- **EXERCISE AIM**
The entries below are to be copied exactly, with nothing left out.

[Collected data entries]
(* Let $G$ be a non-amenable group and $m\in\mathbb{N}$. (i) If every $m$-generated subgroup of $G$ is amenable, then $\mathcal{T}(G)\geq m+3$. (ii) If every $m$-generated subgroup of $G$ is finite, then $\mathcal{T}(G)\geq 2m+4$.
   Context: A group $G$ admits a paradoxical decomposition if there exist positive integers $m,n$, pairwise disjoint subsets $P_1,\ldots,P_m,Q_1,\ldots,Q_n$ of $G$ and elements $g_1,\ldots,g_m,h_1,\ldots,h_n\in G$ with $G=\bigcup_iP_ig_i=\bigcup_jQ_jh_j$; this happens iff $G$ is non-amenable. The Tarski number $\mathcal{T}(G)$ is the minimal value of $m+n$. *)

From Stdlib Require Import Reals List.
Open Scope R_scope.

Record Group := {
  gcar :> Type;
  gmul : gcar -> gcar -> gcar;
  gone : gcar;
  ginv : gcar -> gcar;
  gmulA : forall x y z, gmul x (gmul y z) = gmul (gmul x y) z;
  gmul1 : forall x, gmul gone x = x;
  gmulV : forall x, gmul (ginv x) x = gone
}.

Section Defs.
Variable G : Group.

Definition is_subgroup (H : G -> Prop) : Prop :=
  H (gone G) /\ (forall x y, H x -> H y -> H (gmul G x y)) /\
  (forall x, H x -> H (ginv G x)).

Definition generated (s : list G) : G -> Prop :=
  fun x => forall K : G -> Prop, is_subgroup K -> (forall a, In a s -> K a) -> K x.

(* H is an m-generated subgroup: generated by (at most) m elements
   (a list of length m, repetitions allowed) *)
Definition m_generated_subgroup (m : nat) (H : G -> Prop) : Prop :=
  exists s : list G, length s = m /\ forall x, H x <-> generated s x.

Definition amenable_subgroup (H : G -> Prop) : Prop :=
  exists mu : (G -> Prop) -> R,
    (forall A, (forall x, A x -> H x) -> 0 <= mu A) /\
    mu H = 1 /\
    (forall A B, (forall x, A x -> H x) -> (forall x, B x -> H x) ->
       (forall x, A x -> B x -> False) ->
       mu (fun x => A x \/ B x) = mu A + mu B) /\
    (forall h A, H h -> (forall x, A x -> H x) ->
       mu (fun x => A (gmul G (ginv G h) x)) = mu A).

Definition amenable : Prop := amenable_subgroup (fun _ => True).

Definition finite_set (H : G -> Prop) : Prop :=
  exists l : list G, forall x, H x -> In x l.

Definition rtrans (P : G -> Prop) (g : G) : G -> Prop :=
  fun y => exists x, P x /\ y = gmul G x g.

Definition paradoxical (p q : nat) : Prop :=
  (1 <= p)%nat /\ (1 <= q)%nat /\
  exists (P Q : nat -> G -> Prop) (g h : nat -> G),
    (forall i j x, (i < p)%nat -> (j < p)%nat -> i <> j -> P i x -> P j x -> False) /\
    (forall i j x, (i < q)%nat -> (j < q)%nat -> i <> j -> Q i x -> Q j x -> False) /\
    (forall i j x, (i < p)%nat -> (j < q)%nat -> P i x -> Q j x -> False) /\
    (forall y, exists i, (i < p)%nat /\ rtrans (P i) (g i) y) /\
    (forall y, exists j, (j < q)%nat /\ rtrans (Q j) (h j) y).

Definition is_tarski_number (t : nat) : Prop :=
  (exists p q, paradoxical p q /\ (p + q)%nat = t) /\
  (forall p q, paradoxical p q -> (t <= p + q)%nat).

End Defs.

(* Normalising a paradoxical decomposition so that g_0 = h_0 = 1, its translating
   elements g_1..g_(p-1), h_1..h_(q-1) generate a subgroup H with p + q - 2
   generators.
   (i) If p + q <= m + 2, then H is amenable.  Intersecting the pieces with H,
   each half of the decomposition covers H, so a right-invariant mean on H gives
   each half mass at least 1, while the halves are disjoint inside a set of mass 1.
   (ii) If p <= m + 1, then H is finite.  Sending y = x g_i (x in P_i) to x is an
   injective self-map of every coset xH, hence surjective there; so the P_i
   alone cover G and no room is left for the Q_j.  Thus p, q >= m + 2. *)
From Stdlib Require Import Reals List Lia Lra FinFun.
From Stdlib Require Import Classical ClassicalEpsilon FunctionalExtensionality PropExtensionality.

Definition Un {T : Type} (n : nat) (A : nat -> T -> Prop) : T -> Prop :=
  fun x => exists i, (i < n)%nat /\ A i x.

Lemma Un_S {T : Type} n (A : nat -> T -> Prop) x : Un (S n) A x <-> Un n A x \/ A n x.
Proof.
  split.
  - intros [i [Hi Ai]]. destruct (Nat.eq_dec i n) as [->|Hin]; [now right|].
    left. exists i. split; [lia|exact Ai].
  - intros [[i [Hi Ai]]|An]; [exists i | exists n]; split; auto.
Qed.

Lemma injective_selfmap_surjective {T : Type} (S : T -> Prop) (L : list T) (f : T -> T) :
  (forall x, S x -> In x L) -> (forall x y, f x = f y -> x = y) ->
  (forall x, S x -> S (f x)) -> forall z, S z -> exists x, S x /\ f x = z.
Proof.
  (* Otherwise a duplicate-free enumeration D of S would contain the longer
     duplicate-free list z :: map f D. *)
  intros HL finj fS z Sz. apply NNPP. intro Hz.
  pose (eq_dec := fun a b : T => excluded_middle_informative (a = b)).
  pose (inS := fun x => if excluded_middle_informative (S x) then true else false).
  pose (D := nodup eq_dec (filter inS L)).
  assert (HD : forall x, In x D <-> S x).
  { intro x. unfold D, inS. rewrite nodup_In, filter_In.
    destruct (excluded_middle_informative (S x)) as [Sx|nSx]; split.
    - tauto.
    - intros _. split; [apply HL, Sx | reflexivity].
    - intros [_ E]. discriminate E.
    - tauto. }
  assert (ND : NoDup (z :: map f D)).
  { constructor.
    - rewrite in_map_iff. intros [x [fx Dx]]. apply Hz. exists x. split; [apply HD|]; auto.
    - apply Injective_map_NoDup; [exact finj | apply NoDup_nodup]. }
  assert (INC : incl (z :: map f D) D).
  { intros x [<-|Hx]; [now apply HD|].
    apply in_map_iff in Hx as [y [<- Dy]]. apply HD, fS, HD, Dy. }
  apply NoDup_incl_length in INC; [|exact ND]. simpl in INC. rewrite length_map in INC. lia.
Qed.

Section FinitelyAdditiveMeasure.

Context {T : Type} (H : T -> Prop) (nu : (T -> Prop) -> R).

Hypothesis nu_ge0 : forall A, (forall x, A x -> H x) -> 0 <= nu A.
Hypothesis nu_add : forall A B, (forall x, A x -> H x) -> (forall x, B x -> H x) ->
  (forall x, A x -> B x -> False) -> nu (fun x => A x \/ B x) = nu A + nu B.

Lemma measure_ext A B : (forall x, A x <-> B x) -> nu A = nu B.
Proof.
  intro AB. f_equal. apply functional_extensionality. intro x.
  apply propositional_extensionality, AB.
Qed.

Lemma measure_le A B : (forall x, B x -> H x) -> (forall x, A x -> B x) -> nu A <= nu B.
Proof.
  intros BH AB.
  rewrite (measure_ext B (fun x => A x \/ (B x /\ ~ A x))).
  - rewrite nu_add by firstorder.
    assert (0 <= nu (fun x => B x /\ ~ A x)) by (apply nu_ge0; firstorder). lra.
  - intro x. split; [|firstorder]. intro Bx. destruct (classic (A x)); auto.
Qed.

- **ANSWER BOX**
(* Let $G$ be a non-amenable group and $m\in\mathbb{N}$. (i) If every $m$-generated subgroup of $G$ is amenable, then $\mathcal{T}(G)\geq m+3$. (ii) If every $m$-generated subgroup of $G$ is finite, then $\mathcal{T}(G)\geq 2m+4$.
   Context: A group $G$ admits a paradoxical decomposition if there exist positive integers $m,n$, pairwise disjoint subsets $P_1,\ldots,P_m,Q_1,\ldots,Q_n$ of $G$ and elements $g_1,\ldots,g_m,h_1,\ldots,h_n\in G$ with $G=\bigcup_iP_ig_i=\bigcup_jQ_jh_j$; this happens iff $G$ is non-amenable. The Tarski number $\mathcal{T}(G)$ is the minimal value of $m+n$. *)

From Stdlib Require Import Reals List.
Open Scope R_scope.

Record Group := {
  gcar :> Type;
  gmul : gcar -> gcar -> gcar;
  gone : gcar;
  ginv : gcar -> gcar;
  gmulA : forall x y z, gmul x (gmul y z) = gmul (gmul x y) z;
  gmul1 : forall x, gmul gone x = x;
  gmulV : forall x, gmul (ginv x) x = gone
}.

Section Defs.
Variable G : Group.

Definition is_subgroup (H : G -> Prop) : Prop :=
  H (gone G) /\ (forall x y, H x -> H y -> H (gmul G x y)) /\
  (forall x, H x -> H (ginv G x)).

Definition generated (s : list G) : G -> Prop :=
  fun x => forall K : G -> Prop, is_subgroup K -> (forall a, In a s -> K a) -> K x.

(* H is an m-generated subgroup: generated by (at most) m elements
   (a list of length m, repetitions allowed) *)
Definition m_generated_subgroup (m : nat) (H : G -> Prop) : Prop :=
  exists s : list G, length s = m /\ forall x, H x <-> generated s x.

Definition amenable_subgroup (H : G -> Prop) : Prop :=
  exists mu : (G -> Prop) -> R,
    (forall A, (forall x, A x -> H x) -> 0 <= mu A) /\
    mu H = 1 /\
    (forall A B, (forall x, A x -> H x) -> (forall x, B x -> H x) ->
       (forall x, A x -> B x -> False) ->
       mu (fun x => A x \/ B x) = mu A + mu B) /\
    (forall h A, H h -> (forall x, A x -> H x) ->
       mu (fun x => A (gmul G (ginv G h) x)) = mu A).

Definition amenable : Prop := amenable_subgroup (fun _ => True).

Definition finite_set (H : G -> Prop) : Prop :=
  exists l : list G, forall x, H x -> In x l.

Definition rtrans (P : G -> Prop) (g : G) : G -> Prop :=
  fun y => exists x, P x /\ y = gmul G x g.

Definition paradoxical (p q : nat) : Prop :=
  (1 <= p)%nat /\ (1 <= q)%nat /\
  exists (P Q : nat -> G -> Prop) (g h : nat -> G),
    (forall i j x, (i < p)%nat -> (j < p)%nat -> i <> j -> P i x -> P j x -> False) /\
    (forall i j x, (i < q)%nat -> (j < q)%nat -> i <> j -> Q i x -> Q j x -> False) /\
    (forall i j x, (i < p)%nat -> (j < q)%nat -> P i x -> Q j x -> False) /\
    (forall y, exists i, (i < p)%nat /\ rtrans (P i) (g i) y) /\
    (forall y, exists j, (j < q)%nat /\ rtrans (Q j) (h j) y).

Definition is_tarski_number (t : nat) : Prop :=
  (exists p q, paradoxical p q /\ (p + q)%nat = t) /\
  (forall p q, paradoxical p q -> (t <= p + q)%nat).

End Defs.

(* Normalising a paradoxical decomposition so that g_0 = h_0 = 1, its translating
   elements g_1..g_(p-1), h_1..h_(q-1) generate a subgroup H with p + q - 2
   generators.
   (i) If p + q <= m + 2, then H is amenable.  Intersecting the pieces with H,
   each half of the decomposition covers H, so a right-invariant mean on H gives
   each half mass at least 1, while the halves are disjoint inside a set of mass 1.
   (ii) If p <= m + 1, then H is finite.  Sending y = x g_i (x in P_i) to x is an
   injective self-map of every coset xH, hence surjective there; so the P_i
   alone cover G and no room is left for the Q_j.  Thus p, q >= m + 2. *)
From Stdlib Require Import Reals List Lia Lra FinFun.
From Stdlib Require Import Classical ClassicalEpsilon FunctionalExtensionality PropExtensionality.

Definition Un {T : Type} (n : nat) (A : nat -> T -> Prop) : T -> Prop :=
  fun x => exists i, (i < n)%nat /\ A i x.

Lemma Un_S {T : Type} n (A : nat -> T -> Prop) x : Un (S n) A x <-> Un n A x \/ A n x.
Proof.
  split.
  - intros [i [Hi Ai]]. destruct (Nat.eq_dec i n) as [->|Hin]; [now right|].
    left. exists i. split; [lia|exact Ai].
  - intros [[i [Hi Ai]]|An]; [exists i | exists n]; split; auto.
Qed.

Lemma injective_selfmap_surjective {T : Type} (S : T -> Prop) (L : list T) (f : T -> T) :
  (forall x, S x -> In x L) -> (forall x y, f x = f y -> x = y) ->
  (forall x, S x -> S (f x)) -> forall z, S z -> exists x, S x /\ f x = z.
Proof.
  (* Otherwise a duplicate-free enumeration D of S would contain the longer
     duplicate-free list z :: map f D. *)
  intros HL finj fS z Sz. apply NNPP. intro Hz.
  pose (eq_dec := fun a b : T => excluded_middle_informative (a = b)).
  pose (inS := fun x => if excluded_middle_informative (S x) then true else false).
  pose (D := nodup eq_dec (filter inS L)).
  assert (HD : forall x, In x D <-> S x).
  { intro x. unfold D, inS. rewrite nodup_In, filter_In.
    destruct (excluded_middle_informative (S x)) as [Sx|nSx]; split.
    - tauto.
    - intros _. split; [apply HL, Sx | reflexivity].
    - intros [_ E]. discriminate E.
    - tauto. }
  assert (ND : NoDup (z :: map f D)).
  { constructor.
    - rewrite in_map_iff. intros [x [fx Dx]]. apply Hz. exists x. split; [apply HD|]; auto.
    - apply Injective_map_NoDup; [exact finj | apply NoDup_nodup]. }
  assert (INC : incl (z :: map f D) D).
  { intros x [<-|Hx]; [now apply HD|].
    apply in_map_iff in Hx as [y [<- Dy]]. apply HD, fS, HD, Dy. }
  apply NoDup_incl_length in INC; [|exact ND]. simpl in INC. rewrite length_map in INC. lia.
Qed.

Section FinitelyAdditiveMeasure.

Context {T : Type} (H : T -> Prop) (nu : (T -> Prop) -> R).

Hypothesis nu_ge0 : forall A, (forall x, A x -> H x) -> 0 <= nu A.
Hypothesis nu_add : forall A B, (forall x, A x -> H x) -> (forall x, B x -> H x) ->
  (forall x, A x -> B x -> False) -> nu (fun x => A x \/ B x) = nu A + nu B.

Lemma measure_ext A B : (forall x, A x <-> B x) -> nu A = nu B.
Proof.
  intro AB. f_equal. apply functional_extensionality. intro x.
  apply propositional_extensionality, AB.
Qed.

Lemma measure_le A B : (forall x, B x -> H x) -> (forall x, A x -> B x) -> nu A <= nu B.
Proof.
  intros BH AB.
  rewrite (measure_ext B (fun x => A x \/ (B x /\ ~ A x))).
  - rewrite nu_add by firstorder.
    assert (0 <= nu (fun x => B x /\ ~ A x)) by (apply nu_ge0; firstorder). lra.
  - intro x. split; [|firstorder]. intro Bx. destruct (classic (A x)); auto.
Qed.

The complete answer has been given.